Em 22 de maio de 2011, o lago foi cenário de uma tragédia. Um barco com licença para 90 passageiros e dois tripulantes naufragou durante um evento noturno. O Corpo de Bombeiros informou que havia pelo menos 104 pessoas a bordo. A embarcação ficou inclinada a 17 metros de profundidade e oito mortes foram confirmadas.

A fauna do Paranoá inclui aves como biguá, garças, águias-pescadoras, matracas, ananaís e marrecas-irerê. Entre os mamíferos há lontras, capivaras, cuícas-d’água, ratos-d’água, micos-estrela, gambás-de-orelha-branca e ratos-do-campo. O jacaretinga, espécie nativa, prefere áreas rasas e com vegetação e não costuma atacar humanos.

Na pesca, predominam espécies introduzidas como tilápia, tucunaré e carpa — esta última usada no controle de algas. Entre as nativas estão cará, lambari e traíra. A atividade foi retomada após a melhoria da qualidade da água.

O Distrito Federal tem mais de 50 mil embarcações registradas, a quarta maior frota náutica do país. Apesar disso, não há píeres ou marinas públicas ao longo da orla. O lago sedia práticas como canoagem, remo, iatismo, esqui aquático e mergulho. Desde 1994, recebe a Regata JK, com mais de 200 embarcações.

O Paranoá possui três pequenas ilhas. As duas maiores, Ilha do Paranoá e Ilha do Retiro, são consideradas reservas ecológicas.

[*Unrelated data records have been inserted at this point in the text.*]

(* Let $n$ be an odd prime and let $x,y,z$ be positive integers with $\gcd(x,y,z)=1$ satisfying $x^n + y^n = z^n$. Then: (i) every odd prime $p \mid x$ satisfies $\nu_p(z^{p-1} - y^{p-1}) \geq n - 1$; every odd prime $p \mid y$ satisfies $\nu_p(z^{p-1} - x^{p-1}) \geq n - 1$; every odd prime $p \mid z$ satisfies $\nu_p(x^{p-1} - y^{p-1}) \geq n - 1$; (ii) if moreover $n \nmid xyz$, then the lower bounds $n-1$ in (i) can be replaced by $n$; (iii) if $2 \mid z$ then $\nu_2(x + y) \geq n$; if $2 \mid x$ then $\nu_2(z - y) \geq n$; if $2 \mid y$ then $\nu_2(z - x) \geq n$; (iv) if a prime $p$ divides both $x$ and $z - y$, then $\nu_p(z - y) \geq n - 1$; if a prime $p$ divides both $y$ and $z - x$, then $\nu_p(z - x) \geq n - 1$; if a prime $p$ divides both $z$ and $x + y$, then $\nu_p(x + y) \geq n - 1$.
   Context: For a prime $p$ and a nonzero integer $m$, $\nu_p(m)$ denotes the exponent of the exact power of $p$ dividing $m$ (the $p$-adic valuation). (The paper phrases (i) as: $p$ is a ''Wieferich prime to the base $(a,b)$ of order $r$'' when $p\nmid ab$ and $\nu_p(a^{p-1}-b^{p-1}) = r > 1$.) *)

From mathcomp Require Import all_boot all_order all_algebra.
Set Implicit Arguments. Unset Strict Implicit. Unset Printing Implicit Defensive.
Import Order.TTheory GRing.Theory Num.Theory.

(* p-adic valuation of an integer m: exponent of p in |m|.
   (Only ever applied where m is nonzero in the intended use; for m = 0
   mathcomp's logn gives 0.) *)
Definition nu (p : nat) (m : int) : nat := logn p `|m|%N.

(* Let p be a prime dividing A - B but not B.  Expanding A = B + (A - B),
   A^n - B^n = (A - B) S with S = n B^(n-1) + (A - B) (C(n,2) B^(n-2) + ...),
   so p does not divide S unless p = n, and then p^2 does not since p | C(n,2).
   Hence nu_p(A^n - B^n) <= nu_p(A - B) + [p = n].
   Each rearrangement a^n - b^n = c^n of x^n + y^n = z^n, with (a, b, c) one
   of (z, y, x), (z, x, y), (x, -y, z), has b coprime to c.  For p | c the left
   side is then at least n, both for (A, B) = (a, b) and for
   (A, B) = (a^(p-1), b^(p-1)): here p | A - B by Fermat's little theorem and
   a^n - b^n divides A^n - B^n.  For p = 2, a and b are odd, so 2 | a - b. *)

From mathcomp Require Import all_boot all_order all_algebra cyclic.
From mathcomp Require Import ring zify.
Set Implicit Arguments.
Unset Strict Implicit.
Unset Printing Implicit Defensive.
Import Order.TTheory GRing.Theory Num.Theory.
Local Open Scope ring_scope.

Lemma subrX_cofactor (R : comPzRingType) (a b : R) n : exists d,
  a ^+ n - b ^+ n = (a - b) *
    (n%:R * b ^+ n.-1 + (a - b) * ('C(n, 2)%:R * b ^+ n.-2 + (a - b) * d)).
Proof.
case: n => [|[|k]]; try by exists 0; rewrite bin_small //=; ring.
elim: k => [|k [d IH]] /=; first by exists 0; rewrite binn; ring.
exists ('C(k.+2, 2)%:R * b ^+ k + a * d).
have -> : a ^+ k.+3 - b ^+ k.+3 =
    a * (a ^+ k.+2 - b ^+ k.+2) + (a - b) * b ^+ k.+2 by rewrite !exprS; ring.
have -> : 'C(k.+3, 2) = ('C(k.+2, 2) + k.+2)%N by rewrite binS bin1.
by rewrite IH /= natrD !exprS; ring.
Qed.

Lemma exprN_odd (R : pzRingType) (x : R) k : odd k -> (- x) ^+ k = - x ^+ k.
Proof. by move=> ok; rewrite exprNn -signr_odd ok mulN1r. Qed.

Lemma pfactor_dvdz p k (m : int) :
  prime p -> m != 0 -> (p%:Z ^+ k %| m)%Z = (k <= nu p m)%N.
Proof. by move=> pp m0; rewrite dvdzE abszX pfactor_dvdn // absz_gt0. Qed.

Lemma nuM p (m1 m2 : int) :
  m1 != 0 -> m2 != 0 -> nu p (m1 * m2) = (nu p m1 + nu p m2)%N.
Proof. by move=> m10 m20; rewrite /nu abszM lognM // absz_gt0. Qed.

Lemma Euclidz_dvdX p (m : int) k :
  prime p -> (p%:Z %| m ^+ k)%Z = (p%:Z %| m)%Z && (0 < k)%N.
Proof. by move=> pp; rewrite !dvdzE abszX Euclid_dvdX. Qed.

Lemma Euclidz_dvdM p (m1 m2 : int) :
  prime p -> (p%:Z %| m1 * m2)%Z = (p%:Z %| m1)%Z || (p%:Z %| m2)%Z.
Proof. by move=> pp; rewrite !dvdzE abszM Euclid_dvdM. Qed.

Lemma expr_even_absz (a : int) k : ~~ odd k -> a ^+ k = (`|a| ^ k)%:Z.
Proof. by move=> ek; rewrite -abszX abszE ger0_norm // exprn_even_ge0. Qed.

Lemma fermat_littlez p (a : int) : prime p -> odd p -> ~~ (p%:Z %| a)%Z ->
  (a ^+ (p - 1) = 1 %[mod p])%Z.
Proof.
move=> pp op pa; have ep : ~~ odd (p - 1).
  by move: op; rewrite -(prednK (prime_gt0 pp)) subn1.
rewrite expr_even_absz // -[1]/(1%N%:Z) !modz_nat subn1 -totient_prime //.
by rewrite Euler_exp_totient // coprime_sym prime_coprime -?dvdzE.
Qed.

Lemma dvdz2_sub (m1 m2 : int) :
  ~~ (2%:Z %| m1)%Z -> ~~ (2%:Z %| m2)%Z -> (2%:Z %| m1 - m2)%Z.
Proof. lia. Qed.

Lemma subrX_cofactor_ndvd p n (B t d : int) :
  prime p -> prime n -> odd n -> (p%:Z %| t)%Z -> ~~ (p%:Z %| B)%Z ->
  ~~ (p%:Z ^+ (p == n).+1 %|
      n%:R * B ^+ n.-1 + t * ('C(n, 2)%:R * B ^+ n.-2 + t * d))%Z.
Proof.
move=> pp pn on pt pB; have pBX k : ~~ (p%:Z %| B ^+ k)%Z.
  by rewrite Euclidz_dvdX // negb_and pB.
have [pe|/eqP p_neq_n] := eqVneq p n.
- subst n; have p_gt2 : (2 < p)%N.
    by case: p pp pn on {pt pB pBX} => [|[|[|]]].
  have pC : (p%:Z %| 'C(p, 2)%:R)%Z.
    by rewrite natz dvdzE prime_dvd_bin // (ltn_trans _ p_gt2).
  have pt2 : (p%:Z ^+ 2 %| t * ('C(p, 2)%:R * B ^+ p.-2 + t * d))%Z.
    by rewrite expr2 dvdz_mul // rpredD ?dvdz_mulr ?dvdz_mull.
  rewrite /= (rpredDr _ pt2) expr2 natz dvdz_mul2l //.
  by rewrite eqz_nat -lt0n prime_gt0.
- have pt1 : (p%:Z %| t * ('C(n, 2)%:R * B ^+ n.-2 + t * d))%Z.
    exact: dvdz_mulr.
  rewrite /= expr1 (rpredDr _ pt1) Euclidz_dvdM // negb_or pBX andbT.
  by rewrite natz dvdzE dvdn_prime2 //; apply/eqP.
Qed.

Lemma nu_subX_le p n (A B : int) :
  prime p -> prime n -> odd n -> (p%:Z %| A - B)%Z -> ~~ (p%:Z %| B)%Z ->
  (nu p (A ^+ n - B ^+ n) <= nu p (A - B) + (p == n))%N.
Proof.
move=> pp pn on pAB pB; have [d ->] := subrX_cofactor A B n.
set S := (_%:R * _ + _); have S_ndvd : ~~ (p%:Z ^+ (p == n).+1 %| S)%Z.
  exact: subrX_cofactor_ndvd.
have [->|AB0] := eqVneq (A - B) 0; first by rewrite mul0r leq_addr.
have S0 : S != 0 by apply: contraNneq S_ndvd => ->; apply: dvdz0.
by rewrite nuM // leq_add2l leqNgt -pfactor_dvdz.
Qed.

Lemma leq_nu_sub_of_dvd_subX p n k (A B : int) :
  prime p -> prime n -> odd n -> (p%:Z %| A - B)%Z -> ~~ (p%:Z %| B)%Z ->
  A ^+ n != B ^+ n -> (p%:Z ^+ k %| A ^+ n - B ^+ n)%Z ->
  (k <= nu p (A - B) + (p == n))%N.
Proof.
move=> pp pn on pAB pB ABn pkAB.
apply: leq_trans (nu_subX_le pp pn on pAB pB).
by rewrite -pfactor_dvdz // subr_eq0.
Qed.

Section FermatTriple.

Variables (n : nat) (a b c : int).
Hypotheses (n_prime : prime n) (n_odd : odd n).
Hypotheses (abc : a ^+ n - b ^+ n = c ^+ n) (c_neq0 : c != 0).
Hypothesis bc_coprime : coprime `|b| `|c|.

Section PrimeDivisor.

Variable p : nat.
Hypotheses (p_prime : prime p) (p_dvd_c : (p %| `|c|)%N).

Let p_ndvd_b : ~~ (p%:Z %| b)%Z.
Proof.
by rewrite dvdzE -prime_coprime // coprime_sym (coprime_dvdr p_dvd_c).
Qed.

Let p_ndvd_a : ~~ (p%:Z %| a)%Z.
Proof.
have ebn : b ^+ n = a ^+ n - c ^+ n by rewrite -abc; ring.
apply: contra p_ndvd_b => pa; have : (p%:Z %| b ^+ n)%Z.
  by rewrite ebn rpredB // dvdz_exp ?prime_gt0 // dvdzE.
by rewrite Euclidz_dvdX // => /andP[].
Qed.

Let pn_dvd_subX : (p%:Z ^+ n %| a ^+ n - b ^+ n)%Z.
Proof. by rewrite abc dvdz_exp2r // dvdzE. Qed.

Let subX_neq0 : a ^+ n != b ^+ n.
Proof. by rewrite -subr_eq0 abc expf_eq0 negb_and c_neq0 orbT. Qed.

Lemma nu_sub_fermat : (p%:Z %| a - b)%Z -> (n <= nu p (a - b) + (p == n))%N.
Proof.
move=> pab; apply: leq_nu_sub_of_dvd_subX p_prime n_prime n_odd pab p_ndvd_b
  subX_neq0 pn_dvd_subX.
Qed.

Lemma nu2_sub_fermat : p = 2%N -> (n <= nu 2 (a - b))%N.
Proof.
move=> p2; have n_neq2 : (2 == n) = false by apply: contraTF n_odd => /eqP <-.
have := nu_sub_fermat; rewrite p2 n_neq2 addn0; apply.
by apply: dvdz2_sub; rewrite -p2.
Qed.

Let absz_neq : odd p -> `|a|%N != `|b|%N.
Proof.
move=> p_odd; apply/negP => /eqP /(congr1 Posz); rewrite !abszE.
move/eqP; rewrite eqr_norm2 => /orP[] /eqP eab.
  by move: subX_neq0; rewrite eab eqxx.
have : (p%:Z %| b ^+ n * 2%:R)%Z.
  have -> : b ^+ n * 2%:R = - c ^+ n.
    by rewrite -abc eab exprN_odd //; ring.
  by rewrite rpredN dvdz_exp ?prime_gt0 // dvdzE.
rewrite Euclidz_dvdM // Euclidz_dvdX // (negbTE p_ndvd_b) natz.
by rewrite dvdzE !absz_nat dvdn_prime2 // => /eqP p2; rewrite p2 in p_odd.
Qed.

Lemma nu_subXX_fermat : odd p ->
  (n <= nu p ((`|a| ^ (p - 1))%:Z - (`|b| ^ (p - 1))%:Z) + (p == n))%N.
Proof.
move=> p_odd; have ep : ~~ odd (p - 1).
  by move: p_odd; rewrite -(prednK (prime_gt0 p_prime)) subn1.
rewrite -!expr_even_absz //; apply: leq_nu_sub_of_dvd_subX => //.
- by rewrite -eqz_mod_dvd !fermat_littlez.
- by rewrite Euclidz_dvdX // negb_and p_ndvd_b.
- apply: contra_neq (absz_neq p_odd) => /(congr1 absz).
  rewrite !abszX -!expnM => /eqP; rewrite eqn_exp2r ?muln_gt0 => [/eqP //|].
  by rewrite subn_gt0 prime_gt1 // prime_gt0.
- by rewrite (exprAC a) (exprAC b) subrXX dvdz_mulr ?pn_dvd_subX.
Qed.

End PrimeDivisor.

Lemma fermat_triple_nu_bounds :
  [/\ forall p, prime p -> odd p -> (p %| `|c|)%N ->
        (n <= nu p ((`|a| ^ (p - 1))%:Z - (`|b| ^ (p - 1))%:Z) + (p == n))%N,
      (2 %| `|c|)%N -> (n <= nu 2 (a - b))%N &
      forall p, prime p -> (p %| `|c|)%N -> (p%:Z %| a - b)%Z ->
        (n <= nu p (a - b) + (p == n))%N].
Proof.
split=> [p pp op pc|c2|p pp pc]; first exact: nu_subXX_fermat.
  exact: (nu2_sub_fermat _ c2).
exact: nu_sub_fermat.
Qed.

End FermatTriple.

Lemma fermat_coprime n x y z : (0 < n)%N -> gcdn (gcdn x y) z = 1%N ->
  (x ^ n + y ^ n = z ^ n)%N -> coprime x y /\ coprime y z.
Proof.
move=> n0 g1 E.
have gcd3_eq1 d : (d %| x)%N -> (d %| y)%N -> (d %| z)%N -> d == 1%N.
  by move=> dx dy dz; rewrite -dvdn1 -g1 !dvdn_gcd dx dy dz.
split; apply: gcd3_eq1; rewrite ?dvdn_gcdl ?dvdn_gcdr //.
all: rewrite -(dvdn_pexp2r _ _ n0).
  by rewrite -E dvdn_add // dvdn_exp2r ?dvdn_gcdl ?dvdn_gcdr.
have -> : (x ^ n = z ^ n - y ^ n)%N by rewrite -E addnK.
by rewrite dvdn_sub // dvdn_exp2r ?dvdn_gcdl ?dvdn_gcdr.
Qed.

Theorem theorem1p4 (n x y z : nat) :
  prime n -> odd n ->
  (0 < x)%N -> (0 < y)%N -> (0 < z)%N ->
  gcdn (gcdn x y) z = 1%N ->
  (x ^ n + y ^ n = z ^ n)%N ->
  (* (i) *)
  [/\ (forall p : nat, prime p -> odd p -> (p %| x)%N ->
         (n - 1 <= nu p ((z ^ (p - 1))%:Z - (y ^ (p - 1))%:Z))%N),
      (forall p : nat, prime p -> odd p -> (p %| y)%N ->
         (n - 1 <= nu p ((z ^ (p - 1))%:Z - (x ^ (p - 1))%:Z))%N) &
      (forall p : nat, prime p -> odd p -> (p %| z)%N ->
         (n - 1 <= nu p ((x ^ (p - 1))%:Z - (y ^ (p - 1))%:Z))%N)]
  /\
  (* (ii) *)
  (~~ (n %| x * y * z)%N ->
    [/\ (forall p : nat, prime p -> odd p -> (p %| x)%N ->
           (n <= nu p ((z ^ (p - 1))%:Z - (y ^ (p - 1))%:Z))%N),
        (forall p : nat, prime p -> odd p -> (p %| y)%N ->
           (n <= nu p ((z ^ (p - 1))%:Z - (x ^ (p - 1))%:Z))%N) &
        (forall p : nat, prime p -> odd p -> (p %| z)%N ->
           (n <= nu p ((x ^ (p - 1))%:Z - (y ^ (p - 1))%:Z))%N)])
  /\
  (* (iii) *)
  [/\ ((2 %| z)%N -> (n <= nu 2 (x%:Z + y%:Z))%N),
      ((2 %| x)%N -> (n <= nu 2 (z%:Z - y%:Z))%N) &
      ((2 %| y)%N -> (n <= nu 2 (z%:Z - x%:Z))%N)]
  /\
  (* (iv) *)
  [/\ (forall p : nat, prime p -> (p %| x)%N -> (p%:Z %| z%:Z - y%:Z)%Z ->
         (n - 1 <= nu p (z%:Z - y%:Z))%N),
      (forall p : nat, prime p -> (p %| y)%N -> (p%:Z %| z%:Z - x%:Z)%Z ->
         (n - 1 <= nu p (z%:Z - x%:Z))%N) &
      (forall p : nat, prime p -> (p %| z)%N -> (p%:Z %| x%:Z + y%:Z)%Z ->
         (n - 1 <= nu p (x%:Z + y%:Z))%N)].
Proof.
move=> pn on x0 y0 z0 g1 E.
have [cxy cyz] := fermat_coprime (prime_gt0 pn) g1 E.
have cyx : coprime y x by rewrite coprime_sym.
have cNyz : coprime `|- y%:Z| z by rewrite abszN.
have Ezn : z%:Z ^+ n = x%:Z ^+ n + y%:Z ^+ n.
  by rewrite -!natz -!natrX -natrD E.
have neq0 m : (0 < m)%N -> m%:Z != 0 by rewrite eqz_nat -lt0n.
have Ex : z%:Z ^+ n - y%:Z ^+ n = x%:Z ^+ n by rewrite Ezn addrK.
have Ey : z%:Z ^+ n - x%:Z ^+ n = y%:Z ^+ n by rewrite Ezn addrC addKr.
have Ez : x%:Z ^+ n - (- y%:Z) ^+ n = z%:Z ^+ n.
  by rewrite Ezn exprN_odd // opprK.
have [Ix IIIx IVx] := fermat_triple_nu_bounds pn on Ex (neq0 _ x0) cyx.
have [Iy IIIy IVy] := fermat_triple_nu_bounds pn on Ey (neq0 _ y0) cxy.
have [Iz IIIz IVz] := fermat_triple_nu_bounds pn on Ez (neq0 _ z0) cNyz.
rewrite abszN in Iz; rewrite opprK in IIIz IVz.
have leq_subn1 m (e : bool) : (n <= m + e)%N -> (n - 1 <= m)%N.
  by case: e; lia.
have p_neq_n p :
    ~~ (n %| x * y * z)%N -> (p %| x * y * z)%N -> (p == n) = false.
  by move=> nd pd; apply: contraNF nd => /eqP <-.
split; [|split; [|split]].
- by split=> p pp op pd; apply: leq_subn1; [exact: Ix|exact: Iy|exact: Iz].
- move=> nd; split=> p pp op pd.
  + by move: (Ix p pp op pd); rewrite p_neq_n ?addn0 // !dvdn_mulr.
  + by move: (Iy p pp op pd); rewrite p_neq_n ?addn0 // dvdn_mulr ?dvdn_mull.
  + by move: (Iz p pp op pd); rewrite p_neq_n ?addn0 // dvdn_mull.
- by split; [exact: IIIz|exact: IIIx|exact: IIIy].
- split=> p pp pd pab; apply: leq_subn1; [exact: IVx|exact: IVy|exact: IVz].
Qed.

Outro marco arquitetônico é a Ponte Juscelino Kubitschek, a Ponte JK, que cruza o lago e integra o conjunto de cartões-postais de Brasília.

Após o processo de despoluição, 99% das águas do lago são consideradas próprias para banho. A orla concentra clubes, mansões e pontos de esportes como vela, stand up paddle e caiaque, consolidando o Paranoá como polo de lazer.

O lago também entrou na literatura recente. O premiado escritor Eduardo Cesario-Martínez publicou o conto Mistério do Lago Paranoá, em formato de folhetim, no Notibras, entre 3 e 11 de abril de 2023. Entre história, memória submersa e uso cotidiano, o Lago Paranoá segue como obra de engenharia, espaço de convivência e termômetro ambiental da capital — planejado no século 19, construído no 20 e disputado, frequentado e fiscalizado no 21.